So, it’s that holiday time of the year again.
Back in 2008, when the economy had begun to tank and we were doing a lot of conscious work on ourselves, we decided that the best thing we could give each other was more connection and support.
We wanted the same level of depth and dialogue in our family circle (our kids, then ages 6 to 23, each other, our parents) that we were getting with strangers in the classes we were taking. We wanted to express gratitude, wonder and appreciation at the year gone by, to connect and communicate with those that we love, to help each person clarify their own intentions for the coming year, and to let each other know what we needed in the way of support.
So we set aside one of the holiday afternoons when everyone was gathered for a new tradition: a family inquiry and promise circle. We asked each person to spend some time alone in the morning doing some kind of vigorous exercise to clear their head: hiking, bike riding, dancing. We asked for all devices and electronics to stay off all day. We set up a snacky buffet and an art table with magazines and glue and markers in case people wanted to do their books visually… then we paired up in unlikely pairs, and handed out the promise booklets with the questions in them, so people could work side by side on their answers and really give them some good thought.

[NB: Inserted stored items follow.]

(* Let $K$ be a finite oriented simplicial complex, let $q,h,h'$ be non-negative integers, and fix the basis $\{\sigma_1^{(q)},\dots,\sigma_n^{(q)}\}$ of $C_q(K)$ given by the oriented $q$-simplices (and the analogous bases of $C_{q+h}(K)$ and $C_{q-h'}(K)$). Let $B_{q+h,h}$ and $B_{q,h'}$ be the matrices of $\partial_{q+h,h}\colon C_{q+h}(K)\to C_q(K)$ and $\partial_{q,h'}\colon C_q(K)\to C_{q-h'}(K)$ in these bases, and set $L^U_{q,h}=B_{q+h,h}B_{q+h,h}^t$, $L^L_{q,h'}=B_{q,h'}^tB_{q,h'}$ and $L_{q,h,h'}=L^U_{q,h}+L^L_{q,h'}$ (the matrix of the multi-combinatorial Laplacian $\Delta_{q,h,h'}=\partial_{q+h,h}\circ\partial^*_{q+h,h}+\partial^*_{q,h'}\circ\partial_{q,h'}$). Then $$\big(L^U_{q,h}\big)_{i,j}=\begin{cases}\deg_U^{h,q+h}(\sigma_i^{(q)}) & i=j,\\ \operatorname{odeg}_U^{q+h}(\sigma_i^{(q)},\sigma_j^{(q)}) & i\neq j,\end{cases}\qquad \big(L^L_{q,h'}\big)_{i,j}=\begin{cases}\binom{q+1}{q-h'+1} & i=j,\\ \operatorname{odeg}_L^{q-h'}(\sigma_i^{(q)},\sigma_j^{(q)}) & i\neq j,\end{cases}$$ and $$\big(L_{q,h,h'}\big)_{i,j}=\begin{cases}\deg_U^{h,q+h}(\sigma_i^{(q)})+\binom{q+1}{q-h'+1} & i=j,\\ \operatorname{odeg}_U^{q+h}(\sigma_i^{(q)},\sigma_j^{(q)})+\operatorname{odeg}_L^{q-h'}(\sigma_i^{(q)},\sigma_j^{(q)}) & i\neq j.\end{cases}$$
   Context: $K$ is a finite abstract simplicial complex (finite family of nonempty finite vertex sets closed under nonempty subsets); a $q$-simplex has $q+1$ vertices; a face of a simplex is a simplex of $K$ contained in it (a simplex is a face of itself). Orientation: orderings of the vertices modulo even permutations; $[v_{\eta(0)},\dots,v_{\eta(q)}]=\operatorname{sign}(\eta)[v_0,\dots,v_q]$. Each simplex has a fixed orientation; $C_m(K)$ is the real vector space with basis the fixed-orientation $m$-simplices (opposite orientation = negative), $C_m(K)=0$ for $m\notin[0,\dim K]$, with the inner product making this basis orthonormal; $\partial^*$ denotes the adjoint with respect to these inner products (its matrix is the transpose). Multi-parameter boundary operator: for $m\ge k\ge0$, $\partial_{m,k}\colon C_m(K)\to C_{m-k}(K)$ is linear with $\partial_{m,k}([v_{\eta(0)},\dots,v_{\eta(m)}])=\sum_{J}\operatorname{sign}(\eta)\operatorname{sign}(\epsilon_J)[v_0,\dots,\widehat{v_{j_1}},\dots,\widehat{v_{j_k}},\dots,v_m]$, summing over subsets $J=\{j_1<\dots<j_k\}\subseteq\{0,\dots,m\}$ (hatted vertices removed, others in increasing index order), $\epsilon_J$ the permutation of $\{0,\dots,m\}$ with $r\mapsto j_{r+1}$ for $r<k$ and $k,\dots,m$ mapped increasingly onto the complement of $J$; if $m<k$ then $\partial_{m,k}=0$. For a $p$-simplex $\tau$ and a face $\sigma\subseteq\tau$ of dimension $m$, $\operatorname{sign}(\tau,\sigma)\in\{\pm1\}$ is the coefficient of $\sigma$ in $\partial_{p,p-m}(\tau)$ (so $\operatorname{sign}(\tau,\tau)=1$). Upper sign: $\operatorname{sig}_U(\sigma,\sigma';\tau^{(p)})=0$ if $\sigma\cup\sigma'\not\subseteq\tau^{(p)}$, else $\operatorname{sign}(\tau^{(p)},\sigma)\operatorname{sign}(\tau^{(p)},\sigma')$. Lower sign: $\operatorname{sig}_L(\sigma,\sigma';\tau^{(p)})=0$ if $\tau^{(p)}\not\subseteq\sigma\cap\sigma'$, else $\operatorname{sign}(\sigma,\tau^{(p)})\operatorname{sign}(\sigma',\tau^{(p)})$. Both are independent of the orientation of $\tau^{(p)}$. Oriented degrees: $\operatorname{odeg}^p_U(\sigma,\sigma')=\frac12\sum_{\tau^{(p)}}\operatorname{sig}_U(\sigma,\sigma';\tau^{(p)})$ and $\operatorname{odeg}^p_L(\sigma,\sigma')=\frac12\sum_{\tau^{(p)}}\operatorname{sig}_L(\sigma,\sigma';\tau^{(p)})$, sums over all oriented $p$-simplices of $K$ (each with both orientations). $\deg_U^{h,q+h}(\sigma^{(q)})$ is the number of $(q+h)$-simplices $\sigma^{(q+h)}$ of $K$ such that some $(q+h)$-simplex contains both $\sigma^{(q)}$ and $\sigma^{(q+h)}$, i.e. the number of $(q+h)$-simplices of $K$ having $\sigma^{(q)}$ as a face. *)

From HB Require Import structures.
From mathcomp Require Import all_boot all_order all_algebra.
Set Implicit Arguments. Unset Strict Implicit. Unset Printing Implicit Defensive.
Import Order.TTheory GRing.Theory Num.Theory.
Local Open Scope ring_scope.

Late in the afternoon, we gathered in a circle, all piled up on pillows and blankets and cuddled with popcorn and cider and teas, and put all the questions in a hat. We pulled a question and went around the circle while everyone referred to their notes and shared their answers. There were some sibling ground rules, like no heckling, and only one person talks at once, and how to do non-judgmental inquiry, and that was cool. There were a lot of questions in the book, but we only pulled 5 to do in the circle. Then, we did a final round robin, where each person could have an extended time to talk about where they were at and what mattered to them and what kind of help they wanted in the coming year making that happen. Lots of play and smiles and nodding heads ensued.

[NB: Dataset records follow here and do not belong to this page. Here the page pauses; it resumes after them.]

Lemma orthX_size X : orthX X -> (size X <= n)%N.
Proof.
case=> uX oX qX; have freeX : free X.
  apply/(@freeP _ _ _ (in_tuple X)) => k sum0 i.
  have := congr1 (fun u => bf u X`_i) sum0.
  rewrite bf0l bf_suml (bigD1 i) //= big1 ?addr0.
    rewrite bfZl -qRE => /eqP; rewrite mulf_eq0 (negPf (qX _ (mem_nth 0 (ltn_ord i)))).
    by rewrite orbF => /eqP.
  move=> j ji; rewrite bfZl oX ?mulr0 ?mem_nth //.
  by rewrite nth_uniq.
move: freeX; rewrite /free => /eqP <-.
by have := dimvS (subvf <<X>>%VS); rewrite dimvf dim_matrix mul1r.
Qed.

(* If no anisotropic vector is orthogonal to X, the orthogonal complement of
   X is totally isotropic, hence zero by nondegeneracy; so X spans the space
   and g, fixing X, is the identity. *)
Lemma anisotropic_perpX_or_id X g : orthX X -> isoR g -> {in X, forall x, x *m g = x} ->
  (exists x, qR B x != 0 /\ perpX X x) \/ g = 1%:M.
Proof.
case=> uX oX qX ig gX; have [|maxX] := classic (exists x, qR B x != 0 /\ perpX X x).
  by left.
right.
have isoX x : perpX X x -> qR B x = 0.
  by move=> xX; apply/eqP; apply: contraT => qx; case: maxX; exists x.
have perpD u u' : perpX X u -> perpX X u' -> perpX X (u + u').
  by move=> uX' u'X y yX; rewrite bfDl uX' ?u'X ?addr0.
have perp_bf u u' : perpX X u -> perpX X u' -> bf u u' = 0.
  move=> uX' u'X; have := isoX _ (perpD _ _ uX' u'X).
  rewrite qRE !(bfDl, bfDr) -!qRE !isoX // (bfC u' u) add0r addr0 => /eqP.
  by rewrite -mulr2n mulrn_eq0 /= => /eqP.
have perp_proj w : perpX X (w - \sum_(y <- X) (bf w y / qR B y) *: y).
  move=> y0 y0X; rewrite bfBl bf_suml (bigD1_seq y0) //= big1_seq.
    by rewrite addr0 bfZl -qRE mulfVK ?subrr // qX.
  by move=> y /andP[yy0 yX]; rewrite bfZl (oX y y0 yX y0X yy0) mulr0.
have perp_eq0 u : perpX X u -> u = 0.
  move=> uX'; suff uB0 : u *m mxR B = 0 by rewrite -(mulmxK Bunit u) uB0 mul0mx.
  apply/rowP => j; rewrite [RHS]mxE.
  have -> : (u *m mxR B) 0 j = bf u (delta_mx 0 j).
    by rewrite /bf trmx_delta -colE [RHS]mxE.
  set w : 'rV_n := delta_mx 0 j.
  rewrite -(subrK (\sum_(y <- X) (bf w y / qR B y) *: y) w) bfDr.
  rewrite bfC perp_bf ?add0r // bfC bf_suml big1_seq // => y /andP[_ yX].
  by rewrite bfZl (bfC y u) uX' ?mulr0.
apply: eq_mx_mulrv => w; rewrite mulmx1; apply/eqP; rewrite -subr_eq0; apply/eqP.
by apply: perp_eq0 => y yX; rewrite bfBl -{1}(gX y yX) ig subrr.
Qed.

(* With y = xg - x and z = xg + x, q(y) + q(z) = 4 q(x) != 0; the reflection
   in y (resp. in z followed by the one in x) sends xg back to x. *)
Lemma refl_comp_fix_cons X g x : isoR g -> {in X, forall w, w *m g = w} ->
  qR B x != 0 -> perpX X x ->
  exists vs, all (fun v => qR B v != 0) vs /\
    x *m (g *m refl_comp B vs) = x /\ {in X, forall w, w *m (g *m refl_comp B vs) = w}.
Proof.
move=> ig gX qx xX; set c := bf (x *m g) x.
have qxg : bf (x *m g) (x *m g) = qR B x by rewrite ig.
have wxg w : w \in X -> bf w (x *m g) = 0 by move=> wX; rewrite -{1}(gX w wX) ig bfC xX.
have wx w : w \in X -> bf w x = 0 by move=> wX; rewrite bfC xX.
pose y := x *m g - x; pose z := x *m g + x.
have qy : qR B y = 2 * qR B x - 2 * c.
  by rewrite qRE /y !(bfBl, bfBr) qxg -!qRE (bfC x (x *m g)) -/c; ring.
have qz : qR B z = 2 * qR B x + 2 * c.
  by rewrite qRE /z !(bfDl, bfDr) qxg -!qRE (bfC x (x *m g)) -/c; ring.
have [qy0|qy0] := boolP (qR B y != 0).
  exists [:: y]; rewrite /= qy0 mul1mx; split=> //; split.
    rewrite mulmxA reflmxE.
    have -> : 2 / qR B y * bf (x *m g) y = 1.
      by move: qy0; rewrite qy /y bfBr qxg -/c => qy0; field.
    by rewrite scale1r /y opprB addrC subrK.
  by move=> w wX; rewrite mulmxA (gX w wX) reflmx_fix // /y bfBr wxg ?wx ?subrr.
have qz0 : qR B z != 0.
  apply: contraNN qx => /eqP qz0; move/negPn/eqP: qy0 => qy0.
  have -> : qR B x = (qR B y + qR B z) / 4 by rewrite qy qz; field.
  by rewrite qy0 qz0 addr0 mul0r.
exists [:: x; z]; rewrite /= qz0 qx mul1mx; split=> //; split.
  rewrite !mulmxA [x *m g *m reflmx B z]reflmxE.
  have -> : 2 / qR B z * bf (x *m g) z = 1.
    by move: qz0; rewrite qz /z bfDr qxg -/c => qz0; field.
  rewrite scale1r /z opprD addrA subrr sub0r reflmxE bfNl -qRE.
  by apply/rowP => i; rewrite !mxE; field.
move=> w wX; rewrite !mulmxA (gX w wX) !reflmx_fix //.
all: first [by rewrite wx | by rewrite /z bfDr wxg ?wx ?addr0].
Qed.

Lemma cartan_dieudonne_rel k X g : (n - size X <= k)%N -> orthX X -> isoR g ->
  {in X, forall x, x *m g = x} ->
  exists vs, all (fun v => qR B v != 0) vs /\ refl_comp B vs = g.
Proof.
elim: k X g => [|k IH] X g sizeX oX ig gX.
  have [[x [qx xX]]|->] := anisotropic_perpX_or_id oX ig gX; last by exists [::].
  move: sizeX; rewrite leqn0 subn_eq0.
  by move=> /(leq_trans (orthX_size (orthX_cons oX qx xX))); rewrite ltnn.
have [[x [qx xX]]|->] := anisotropic_perpX_or_id oX ig gX; last by exists [::].
have [vs0 [qvs0 [xfix Xfix]]] := refl_comp_fix_cons ig gX qx xX.
have [||||vs [qvs vsE]] := IH (x :: X) (g *m refl_comp B vs0).
- by rewrite /= subnS; move: sizeX; case: (n - size X)%N.
- exact: orthX_cons.
- by apply: isoR_mul => //; exact: isoR_refl_comp.
- by move=> u; rewrite inE => /orP[/eqP->|/Xfix].
exists (rev vs0 ++ vs); rewrite all_cat all_rev qvs0 qvs refl_comp_cat vsE -mulmxA.
by rewrite refl_comp_rev ?mulmx1.
Qed.

Theorem cartan_dieudonne g : isoR g ->
  exists vs, all (fun v => qR B v != 0) vs /\ refl_comp B vs = g.
Proof. by move=> ig; apply: (@cartan_dieudonne_rel n [::]) => //; rewrite subn0. Qed.

Lemma spinor_norm_quot g vs1 vs2 :
  all (fun v => qR B v != 0) vs1 -> all (fun v => qR B v != 0) vs2 ->
  g *m refl_comp B vs1 = refl_comp B vs2 ->
  (0 < \prod_(v <- vs1) (- qR B v / 2)) = (0 < \prod_(v <- vs2) (- qR B v / 2)) ->
  exists vs, all (fun v => qR B v != 0) vs /\ refl_comp B vs = g /\
    0 < \prod_(v <- vs) (- qR B v / 2).
Proof.
move=> qvs1 qvs2 gE sign12; exists (rev vs1 ++ vs2); split; [|split].
- by rewrite all_cat all_rev qvs1.
- by rewrite refl_comp_cat -gE -mulmxA refl_comp_rev ?mulmx1.
have prod_neq0 vs : all (fun v => qR B v != 0) vs -> \prod_(v <- vs) (- qR B v / 2) != 0.
  move=> qvs; rewrite prodf_seq_neq0; apply/allP => v /(allP qvs) qv /=.
  by rewrite mulf_neq0 ?oppr_eq0 ?invr_eq0 ?pnatr_eq0.
by rewrite big_cat big_rev mul_gt0_same_sign ?prod_neq0.
Qed.

End CartanDieudonne.

Lemma isoR_scaled n (B G : 'M[int]_n) (d : int) : d != 0 ->
  G *m B *m G^T = d ^+ 2 *: B -> isoR B ((d%:~R : R)^-1 *: mxR G).
Proof.
move=> d0 GB u v; rewrite /bf mulmx_trmx_form; congr (_ 0 0); congr (_ *m _ *m _).
have dR : (d%:~R : R) != 0 by rewrite intr_eq0.
rewrite linearZ /= -scalemxAl -scalemxAr -scalemxAl scalerA -mxR_trmx -!mxRM GB mxRZ.
by rewrite scalerA rmorphXn /= -expr2 -exprMn mulVf // expr1n scale1r.
Qed.

Lemma det_sqr_of_form n (B G : 'M[int]_n) (d : int) : \det B != 0 ->
  G *m B *m G^T = d ^+ 2 *: B -> \det G ^+ 2 = (d ^+ n) ^+ 2.
Proof.
move=> dB0 /(congr1 determinant); rewrite !det_mulmx det_tr detZ => GBE.
apply: (mulIf dB0); rewrite -exprM mulnC exprM -GBE; ring.
Qed.

Lemma det_neq0_of_form n (B G : 'M[int]_n) (d : int) : \det B != 0 -> d != 0 ->
  G *m B *m G^T = d ^+ 2 *: B -> \det G != 0.
Proof.
move=> dB0 d0 GB; apply: contraNneq (expf_neq0 2 (expf_neq0 n d0)) => detG0.
by rewrite -(det_sqr_of_form dB0 GB) detG0 expr0n.
Qed.

Section IntegralQuotient.
Variables (b k : nat) (B : 'M[int]_b) (J : 'M[int]_(k, b)) (D : int).
Hypotheses (dB0 : \det B != 0) (D0 : D != 0).
Variables G1 G2 Y : 'M[int]_b.
Hypotheses (G1B : G1 *m B *m G1^T = D ^+ 2 *: B) (G2B : G2 *m B *m G2^T = D ^+ 2 *: B).
Hypotheses (JG1 : J *m G1 = D *: J) (JG2 : J *m G2 = D *: J).
Hypothesis G2E : G2 = G1 + (D * \det B) ^+ 2 *: Y.

(* [G1 *m G1adj = c], so the quotient [G2 / G1] is [G2 *m G1adj / c]; it is
   integral because [G2 = G1] modulo [c * \det B]. *)
Let c := D ^+ 2 * \det B.
Let G1adj := B *m G1^T *m \adj B.

Definition quotmx := 1%:M + \det B *: (Y *m G1adj).

Let c0 : c != 0. Proof. by rewrite mulf_neq0 ?expf_neq0. Qed.

Let G1_adj : G1 *m G1adj = c%:M.
Proof. by rewrite /G1adj !mulmxA G1B -scalemxAl mul_mx_adj scale_scalar_mx. Qed.

Let adj_G1 : G1adj *m G1 = c%:M.
Proof. exact: mulmx_scalarC_int c0 G1_adj. Qed.

Let scale_quotmx : c *: quotmx = G2 *m G1adj.
Proof.
rewrite /quotmx G2E mulmxDl G1_adj -scalemxAl scalerDr scalemx1 scalerA.
by congr (_ + _ *: _); rewrite /c; ring.
Qed.

Lemma quotmx_mul : quotmx *m G1 = G2.
Proof.
by apply: (scalemx_inj c0); rewrite scalemxAl scale_quotmx -mulmxA adj_G1 mul_mx_scalar.
Qed.

Lemma quotmx_J : J *m quotmx = J.
Proof.
apply: (scalemx_inj c0); rewrite scalemxAr scale_quotmx mulmxA JG2 -JG1 -mulmxA.
by rewrite G1_adj mul_mx_scalar.
Qed.

Lemma quotmx_form : quotmx *m B *m quotmx^T = B.
Proof.
apply: (scalemx_inj (expf_neq0 2 D0)); rewrite -G2B -quotmx_mul.
have -> : quotmx *m G1 *m B *m (quotmx *m G1)^T = quotmx *m (G1 *m B *m G1^T) *m quotmx^T.
  by rewrite trmx_mul !mulmxA.
by rewrite G1B -scalemxAr -scalemxAl.
Qed.

Lemma det_quotmx : \det G1 = \det G2 -> \det quotmx = 1.
Proof.
move=> detG12; apply: (mulIf (det_neq0_of_form dB0 D0 G1B)).
by rewrite -det_mulmx quotmx_mul mul1r detG12.
Qed.

Lemma quotmx_disc : acts_trivially_on_disc B quotmx.
Proof.
move=> x xB; have -> : quotmx = 1%:M + B *m (\adj B *m (Y *m G1adj)).
  by rewrite mulmxA mul_mx_adj mul_scalar_mx.
rewrite mxQD mxQ1 mulmxDr mulmx1 addrC addKr mxQM mulmxA.
exact: integral_mulmx.
Qed.

End IntegralQuotient.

It takes some amount of willingness to play and open up to do it “formally”-with all the intentions and format, but even if your family’s not up for the whole thing, you can sneak in the inquiry by just using the question list to get a little deeper than “how are you?”. It was so rewarding for each person to be asked meaningful questions and actively listened to by the whole family, to be known in that way- and even our 6 year old had really profound answers to the questions we asked.
The questions were divided in reflections and preflections:
- What was your most glorious moment this year?

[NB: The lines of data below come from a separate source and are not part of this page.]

Lemma value_in_cylinder a x k : digits a -> infinite_sum (dterm d a) x ->
  cyl_left d k (prefix a k) <= x <= cyl_left d k (prefix a k) + / INR d ^ k.
Proof.
  intros Ha Hx. split.
  - apply (cv_ge_bound _ _ _ k Hx). intros n Hn. apply (partial_sum_in_cylinder a k n Ha Hn).
  - apply (cv_le_bound _ _ _ k Hx). intros n Hn. apply (partial_sum_in_cylinder a k n Ha Hn).
Qed.

Lemma value_exists a : digits a -> exists x, infinite_sum (dterm d a) x.
Proof.
  intros Ha. apply Un_cv_crit.
  - intros n. simpl. unfold dterm. pose proof (pow_d_pos (S (S n))).
    pose proof (pos_INR (a (S n))).
    assert (0 <= INR (a (S n)) / INR d ^ S (S n))
      by (apply Rmult_le_pos; [lra|apply Rlt_le, Rinv_0_lt_compat; lra]).
    lra.
  - exists 1. intros y [n ->].
    pose proof (partial_sum_in_cylinder a 0 n Ha ltac:(lia)) as Hb.
    unfold cyl_left in Hb. simpl in Hb. lra.
Qed.

Lemma prefix_in_words a n k : digits a -> In (prefix a (n + k)) (words E (prefix a n) k).
Proof.
  intros Ha. induction k.
  - rewrite Nat.add_0_r. simpl; auto.
  - simpl. rewrite Nat.add_succ_r, prefix_S. apply in_flat_map. exists (prefix a (n + k)).
    split; auto. apply (in_map (fun e => prefix a (n + k) ++ e :: nil)). apply Ha.
Qed.

End Cylinders.

(** * Outer measures from finite covers *)

Lemma sum_if_lt (c : R) (len k : nat) : 0 <= c ->
  sum_f_R0 (fun n => if Nat.ltb n len then c else 0) k <= INR len * c.
Proof.
  intros Hc.
  assert (H : sum_f_R0 (fun n => if Nat.ltb n len then c else 0) k = INR (Nat.min (S k) len) * c).
  { induction k.
    - simpl. destruct len; simpl; [lra|]. destruct (Nat.ltb 0 (S len)) eqn:E; [lra|].
      apply Nat.ltb_ge in E; lia.
    - simpl sum_f_R0. rewrite IHk. destruct (Nat.ltb (S k) len) eqn:E.
      + apply Nat.ltb_lt in E. rewrite !Nat.min_l by lia. rewrite (S_INR (S k)). lra.
      + apply Nat.ltb_ge in E. rewrite !Nat.min_r by lia. lra. }
  rewrite H. apply Rmult_le_compat_r; auto. apply le_INR; lia.
Qed.

(* A finite cover by intervals of length ell bounds the Hausdorff outer measure;
   the remaining covering sets are empty, with radii of summable s-th powers. *)
Lemma haus_from_list s A r : 0 < s ->
  (forall eta, 0 < eta -> forall eps, 0 < eps -> exists (l : list R) (ell : R),
     0 < ell <= eta /\ (forall x, A x -> exists c, In c l /\ c <= x <= c + ell) /\
     INR (length l) * Rpower ell s <= r + eps) -> haus_le s A r.
Proof.
  intros Hs H eta Heta eps Heps.
  destruct (H eta Heta (eps / 2) ltac:(lra)) as [l [ell [Hell [Hc Hsum]]]].
  set (len := length l) in *.
  set (tau := fun n => Rmin eta (Rpower (eps / 2 * (/2) ^ (S n)) (/ s))).
  assert (Htau : forall n, 0 < tau n)
    by (intros n; unfold tau; apply Rmin_glb_lt; auto; unfold Rpower; apply exp_pos).
  exists (fun n x => (n < len)%nat /\ nth n l 0 <= x <= nth n l 0 + ell).
  exists (fun n => if Nat.ltb n len then ell else tau n).
  split; [|split].
  - intros n. destruct (Nat.ltb n len) eqn:En.
    + split; [lra|]. intros x y [_ Hx] [_ Hy]. apply Rabs_le_intro. lra.
    + split; [split; [apply Htau|apply Rmin_l]|].
      intros x y [Hn _]. apply Nat.ltb_ge in En. lia.
  - intros x Hx. destruct (Hc x Hx) as [c [Hcl Hcx]].
    destruct (In_nth l c 0 Hcl) as [n [Hn Hnth]]. exists n. rewrite Hnth. auto.
  - intros k.
    assert (Hb : forall n, Rpower (if Nat.ltb n len then ell else tau n) s <=
                 (if Nat.ltb n len then Rpower ell s else 0) + eps / 2 * (/2) ^ (S n)).
    { intros n. assert (0 < (/2) ^ (S n)) by (apply pow_lt; lra).
      destruct (Nat.ltb n len); [nra|].
      eapply Rle_trans; [apply Rle_Rpower_l; [lra|split; [apply Htau|apply Rmin_r]]|].
      rewrite Rpower_mult, Rinv_l, Rpower_1 by nra. lra. }
    eapply Rle_trans; [apply sum_Rle; intros n _; exact (Hb n)|].
    rewrite plus_sum.
    assert (0 <= Rpower ell s) by (unfold Rpower; apply Rlt_le, exp_pos).
    pose proof (sum_if_lt (Rpower ell s) len k ltac:(lra)).
    pose proof (sum_geom_eps (eps / 2) k ltac:(lra)). lra.
Qed.

Lemma leb_from_list A r :
  (forall eps, 0 < eps -> exists l : list (R * R),
     (forall iv, In iv l -> fst iv <= snd iv) /\
     (forall x, A x -> exists iv, In iv l /\ fst iv <= x <= snd iv) /\
     lsum (fun iv => snd iv - fst iv) l <= r + eps) -> leb_le A r.
Proof.
  intros H eps Heps. destruct (H eps Heps) as [l [Hle [Hc Hs]]].
  exists (fun n => fst (nth n l (0, 0))), (fun n => snd (nth n l (0, 0))).
  split; [|split].
  - intros n. destruct (Nat.lt_ge_cases n (length l)).
    + apply Hle, nth_In; auto.
    + rewrite nth_overflow by auto. simpl; lra.
  - intros x Hx. destruct (Hc x Hx) as [iv [Hiv Hx']].
    destruct (In_nth l iv (0,0) Hiv) as [n [Hn Hnth]]. exists n. rewrite Hnth. auto.
  - intros k. eapply Rle_trans; [|exact Hs].
    apply (sum_nth_le (fun iv => snd iv - fst iv) (0,0) l k); [simpl; lra|].
    intros x Hx. specialize (Hle x Hx). lra.
Qed.

Lemma leb_mono A B r r' : leb_le A r -> (forall x, B x -> A x) -> r <= r' -> leb_le B r'.
Proof.
  intros H HB Hr eps Heps. destruct (H eps Heps) as [c [e [H1 [H2 H3]]]].
  exists c, e. split; [auto|split]; [intros x Hx; apply H2, HB, Hx|intros k; specialize (H3 k); lra].
Qed.

Lemma haus_mono s A B r r' : haus_le s A r -> (forall x, B x -> A x) -> r <= r' -> haus_le s B r'.
Proof.
  intros H HB Hr eta Heta eps Heps. destruct (H eta Heta eps Heps) as [U [rho [H1 [H2 H3]]]].
  exists U, rho. split; [auto|split]; [intros x Hx; apply H2, HB, Hx|intros k; specialize (H3 k); lra].
Qed.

- What did you learn (something tangible or life-lesson-ish)?
- What will you never do again that you did this year?
- What was your most embarrassing moment?
- What happened in the outside world that impacted you the most?
- What’s working and what’s not working in your life?
- What do you want more of?
- What are you most proud of?
- What’s the most memorable moment?
- When did you laugh the hardest?
- When did you cry the most?
- If the year had a theme for you, what would it be?
- What gets you energized when you think about the year ahead?
- What are you most concerned about in the bigger world?
- What habits do you want to change to let your best self shine?
- What relationships do you want to improve or change?
- Who do you want to meet?
- What experiences do you hope for?
- How will you serve?
- What do you want to accomplish?
- What do you intend the theme of the year to be?
- What are your goals in you avocations?
- What are your goals in your vocation?
- What are you dreaming of? Paint your most fantastical vision of your most fulfilled self.
I hope you try it. Sometimes the most unexpected things come out, especially from the youngest ones.